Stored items
..........

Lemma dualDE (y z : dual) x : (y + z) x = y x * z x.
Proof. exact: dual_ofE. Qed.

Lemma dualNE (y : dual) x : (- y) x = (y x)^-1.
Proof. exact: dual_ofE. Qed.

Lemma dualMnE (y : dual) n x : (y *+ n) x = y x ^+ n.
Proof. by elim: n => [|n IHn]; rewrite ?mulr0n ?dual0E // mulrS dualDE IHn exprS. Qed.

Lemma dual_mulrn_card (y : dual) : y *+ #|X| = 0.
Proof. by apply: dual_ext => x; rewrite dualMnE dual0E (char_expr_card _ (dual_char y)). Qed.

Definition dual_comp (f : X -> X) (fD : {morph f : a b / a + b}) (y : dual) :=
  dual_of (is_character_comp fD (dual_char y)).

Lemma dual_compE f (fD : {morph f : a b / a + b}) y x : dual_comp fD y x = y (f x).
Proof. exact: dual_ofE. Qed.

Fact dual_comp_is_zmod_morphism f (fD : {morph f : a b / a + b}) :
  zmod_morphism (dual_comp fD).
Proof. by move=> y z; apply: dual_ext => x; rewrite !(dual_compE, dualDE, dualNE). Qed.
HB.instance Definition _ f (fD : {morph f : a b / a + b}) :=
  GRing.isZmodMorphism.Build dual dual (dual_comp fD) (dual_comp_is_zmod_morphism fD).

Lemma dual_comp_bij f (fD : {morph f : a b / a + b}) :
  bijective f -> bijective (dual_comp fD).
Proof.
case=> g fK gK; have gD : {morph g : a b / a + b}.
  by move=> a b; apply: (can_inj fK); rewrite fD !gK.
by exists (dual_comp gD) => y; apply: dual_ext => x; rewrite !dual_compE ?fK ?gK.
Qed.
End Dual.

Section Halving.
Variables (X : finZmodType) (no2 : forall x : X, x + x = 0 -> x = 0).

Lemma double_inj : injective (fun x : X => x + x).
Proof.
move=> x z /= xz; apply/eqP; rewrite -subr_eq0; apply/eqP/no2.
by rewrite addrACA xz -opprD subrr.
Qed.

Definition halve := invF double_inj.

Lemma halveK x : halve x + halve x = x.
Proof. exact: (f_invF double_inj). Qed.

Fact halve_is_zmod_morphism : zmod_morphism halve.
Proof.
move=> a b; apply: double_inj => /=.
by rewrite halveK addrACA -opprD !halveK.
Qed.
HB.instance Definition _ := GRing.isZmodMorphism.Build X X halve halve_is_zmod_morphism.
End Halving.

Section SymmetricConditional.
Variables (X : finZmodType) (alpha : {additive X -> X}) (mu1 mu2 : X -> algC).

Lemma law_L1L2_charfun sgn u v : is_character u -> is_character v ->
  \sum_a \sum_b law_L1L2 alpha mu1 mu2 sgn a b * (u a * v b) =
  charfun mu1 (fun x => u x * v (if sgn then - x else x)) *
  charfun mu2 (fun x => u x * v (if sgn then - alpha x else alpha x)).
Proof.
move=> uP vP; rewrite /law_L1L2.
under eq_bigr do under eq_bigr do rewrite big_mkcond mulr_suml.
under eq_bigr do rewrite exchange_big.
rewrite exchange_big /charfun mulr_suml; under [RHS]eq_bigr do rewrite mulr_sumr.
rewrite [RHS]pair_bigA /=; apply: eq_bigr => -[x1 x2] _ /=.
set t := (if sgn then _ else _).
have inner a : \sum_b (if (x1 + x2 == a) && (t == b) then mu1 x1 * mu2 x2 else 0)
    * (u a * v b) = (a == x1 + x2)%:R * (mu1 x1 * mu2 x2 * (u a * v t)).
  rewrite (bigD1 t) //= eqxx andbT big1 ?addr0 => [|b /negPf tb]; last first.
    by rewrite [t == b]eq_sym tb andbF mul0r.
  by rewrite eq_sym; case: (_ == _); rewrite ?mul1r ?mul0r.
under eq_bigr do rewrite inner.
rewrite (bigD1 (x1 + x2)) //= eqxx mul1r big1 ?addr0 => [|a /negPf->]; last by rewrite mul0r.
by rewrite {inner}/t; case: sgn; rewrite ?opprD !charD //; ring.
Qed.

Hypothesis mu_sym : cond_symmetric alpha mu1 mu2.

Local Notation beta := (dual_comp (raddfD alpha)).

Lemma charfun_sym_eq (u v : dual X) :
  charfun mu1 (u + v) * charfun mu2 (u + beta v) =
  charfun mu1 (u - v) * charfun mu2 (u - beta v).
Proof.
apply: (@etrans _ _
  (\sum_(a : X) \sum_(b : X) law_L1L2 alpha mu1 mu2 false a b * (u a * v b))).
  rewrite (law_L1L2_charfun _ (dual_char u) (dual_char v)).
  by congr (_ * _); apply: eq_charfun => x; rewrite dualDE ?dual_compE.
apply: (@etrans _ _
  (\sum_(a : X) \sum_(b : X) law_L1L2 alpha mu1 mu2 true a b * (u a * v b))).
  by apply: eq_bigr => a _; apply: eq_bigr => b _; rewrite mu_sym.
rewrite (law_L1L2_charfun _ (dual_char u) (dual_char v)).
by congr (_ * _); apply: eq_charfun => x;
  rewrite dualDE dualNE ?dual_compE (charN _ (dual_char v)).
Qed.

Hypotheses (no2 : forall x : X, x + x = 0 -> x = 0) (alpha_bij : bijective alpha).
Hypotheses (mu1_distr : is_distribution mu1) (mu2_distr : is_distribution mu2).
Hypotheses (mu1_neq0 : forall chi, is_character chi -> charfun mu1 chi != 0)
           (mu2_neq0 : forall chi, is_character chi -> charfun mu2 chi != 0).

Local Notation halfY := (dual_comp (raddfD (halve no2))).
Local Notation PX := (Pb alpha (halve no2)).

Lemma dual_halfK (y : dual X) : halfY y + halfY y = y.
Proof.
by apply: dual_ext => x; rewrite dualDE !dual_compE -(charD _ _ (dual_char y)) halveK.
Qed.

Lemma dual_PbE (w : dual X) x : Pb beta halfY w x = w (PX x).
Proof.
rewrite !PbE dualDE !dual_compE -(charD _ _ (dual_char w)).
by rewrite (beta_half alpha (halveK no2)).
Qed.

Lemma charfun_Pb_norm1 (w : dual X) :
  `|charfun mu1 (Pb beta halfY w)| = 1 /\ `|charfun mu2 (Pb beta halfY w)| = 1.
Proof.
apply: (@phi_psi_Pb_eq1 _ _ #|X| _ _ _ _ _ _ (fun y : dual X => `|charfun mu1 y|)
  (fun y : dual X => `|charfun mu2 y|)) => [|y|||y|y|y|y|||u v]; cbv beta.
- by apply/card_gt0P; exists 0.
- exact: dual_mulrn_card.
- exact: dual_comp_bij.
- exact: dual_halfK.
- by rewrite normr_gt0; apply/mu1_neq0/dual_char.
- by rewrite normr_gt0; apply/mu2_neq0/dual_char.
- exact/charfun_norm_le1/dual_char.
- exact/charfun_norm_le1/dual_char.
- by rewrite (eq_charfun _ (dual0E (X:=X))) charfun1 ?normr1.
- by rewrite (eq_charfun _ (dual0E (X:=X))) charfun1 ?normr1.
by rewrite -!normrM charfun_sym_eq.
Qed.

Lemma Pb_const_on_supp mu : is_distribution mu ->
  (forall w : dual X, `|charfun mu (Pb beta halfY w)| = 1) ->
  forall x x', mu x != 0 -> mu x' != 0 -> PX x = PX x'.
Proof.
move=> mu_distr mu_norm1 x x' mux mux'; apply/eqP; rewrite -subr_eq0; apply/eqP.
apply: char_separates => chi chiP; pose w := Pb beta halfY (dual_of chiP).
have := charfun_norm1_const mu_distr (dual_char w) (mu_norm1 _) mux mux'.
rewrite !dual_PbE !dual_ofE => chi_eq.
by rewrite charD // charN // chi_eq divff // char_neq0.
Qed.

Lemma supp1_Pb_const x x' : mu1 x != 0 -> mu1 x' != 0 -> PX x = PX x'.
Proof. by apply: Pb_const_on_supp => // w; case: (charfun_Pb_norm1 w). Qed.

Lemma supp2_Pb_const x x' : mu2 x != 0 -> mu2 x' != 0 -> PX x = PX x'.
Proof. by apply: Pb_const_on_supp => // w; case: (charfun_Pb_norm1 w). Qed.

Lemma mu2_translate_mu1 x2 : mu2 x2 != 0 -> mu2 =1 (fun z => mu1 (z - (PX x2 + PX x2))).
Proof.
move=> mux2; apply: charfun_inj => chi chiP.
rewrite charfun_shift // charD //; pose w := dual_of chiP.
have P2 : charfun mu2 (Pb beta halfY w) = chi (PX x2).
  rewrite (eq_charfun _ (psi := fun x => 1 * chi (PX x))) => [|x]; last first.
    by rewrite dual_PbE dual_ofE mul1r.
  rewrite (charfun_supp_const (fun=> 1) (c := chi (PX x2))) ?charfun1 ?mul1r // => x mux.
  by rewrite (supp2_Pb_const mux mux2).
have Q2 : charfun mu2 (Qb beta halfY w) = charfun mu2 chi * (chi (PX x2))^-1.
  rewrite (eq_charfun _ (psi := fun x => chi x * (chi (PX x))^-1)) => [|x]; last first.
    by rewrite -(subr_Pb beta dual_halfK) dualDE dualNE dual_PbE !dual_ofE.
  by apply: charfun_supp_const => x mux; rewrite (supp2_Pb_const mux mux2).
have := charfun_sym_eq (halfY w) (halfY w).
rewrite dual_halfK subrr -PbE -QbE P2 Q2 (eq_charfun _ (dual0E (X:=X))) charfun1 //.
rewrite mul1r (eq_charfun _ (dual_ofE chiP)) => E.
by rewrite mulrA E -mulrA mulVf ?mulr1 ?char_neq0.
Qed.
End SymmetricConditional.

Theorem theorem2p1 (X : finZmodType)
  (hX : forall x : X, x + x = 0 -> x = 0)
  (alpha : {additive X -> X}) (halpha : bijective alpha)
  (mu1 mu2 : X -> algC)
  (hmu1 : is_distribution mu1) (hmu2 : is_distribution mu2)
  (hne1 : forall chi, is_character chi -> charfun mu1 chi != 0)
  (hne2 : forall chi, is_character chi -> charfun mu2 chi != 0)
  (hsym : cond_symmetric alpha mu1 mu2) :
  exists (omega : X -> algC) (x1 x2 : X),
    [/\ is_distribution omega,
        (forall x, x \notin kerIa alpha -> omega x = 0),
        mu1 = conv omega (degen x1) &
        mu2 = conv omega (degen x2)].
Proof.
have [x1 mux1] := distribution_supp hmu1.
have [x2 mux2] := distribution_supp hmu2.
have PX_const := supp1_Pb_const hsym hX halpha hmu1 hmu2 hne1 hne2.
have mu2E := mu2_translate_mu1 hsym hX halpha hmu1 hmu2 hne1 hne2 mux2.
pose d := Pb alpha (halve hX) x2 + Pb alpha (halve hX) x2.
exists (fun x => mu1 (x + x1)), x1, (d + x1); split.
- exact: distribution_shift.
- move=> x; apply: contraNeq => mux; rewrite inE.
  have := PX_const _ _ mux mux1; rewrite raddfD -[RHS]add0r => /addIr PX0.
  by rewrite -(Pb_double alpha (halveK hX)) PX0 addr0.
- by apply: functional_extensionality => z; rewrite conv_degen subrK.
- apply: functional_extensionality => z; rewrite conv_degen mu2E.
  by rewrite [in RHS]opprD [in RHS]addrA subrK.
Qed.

..........

» **BRIEF**: Repeat word for word each line from the one with "(hne1 : forall" to the end of the records above, inclusive.

» **RESPONSE BELOW**:
  (hne1 : forall chi, is_character chi -> charfun mu1 chi != 0)
  (hne2 : forall chi, is_character chi -> charfun mu2 chi != 0)
  (hsym : cond_symmetric alpha mu1 mu2) :
  exists (omega : X -> algC) (x1 x2 : X),
    [/\ is_distribution omega,
        (forall x, x \notin kerIa alpha -> omega x = 0),
        mu1 = conv omega (degen x1) &
        mu2 = conv omega (degen x2)].
Proof.
have [x1 mux1] := distribution_supp hmu1.
have [x2 mux2] := distribution_supp hmu2.
have PX_const := supp1_Pb_const hsym hX halpha hmu1 hmu2 hne1 hne2.
have mu2E := mu2_translate_mu1 hsym hX halpha hmu1 hmu2 hne1 hne2 mux2.
pose d := Pb alpha (halve hX) x2 + Pb alpha (halve hX) x2.
exists (fun x => mu1 (x + x1)), x1, (d + x1); split.
- exact: distribution_shift.
- move=> x; apply: contraNeq => mux; rewrite inE.
  have := PX_const _ _ mux mux1; rewrite raddfD -[RHS]add0r => /addIr PX0.
  by rewrite -(Pb_double alpha (halveK hX)) PX0 addr0.
- by apply: functional_extensionality => z; rewrite conv_degen subrK.
- apply: functional_extensionality => z; rewrite conv_degen mu2E.
  by rewrite [in RHS]opprD [in RHS]addrA subrK.
Qed.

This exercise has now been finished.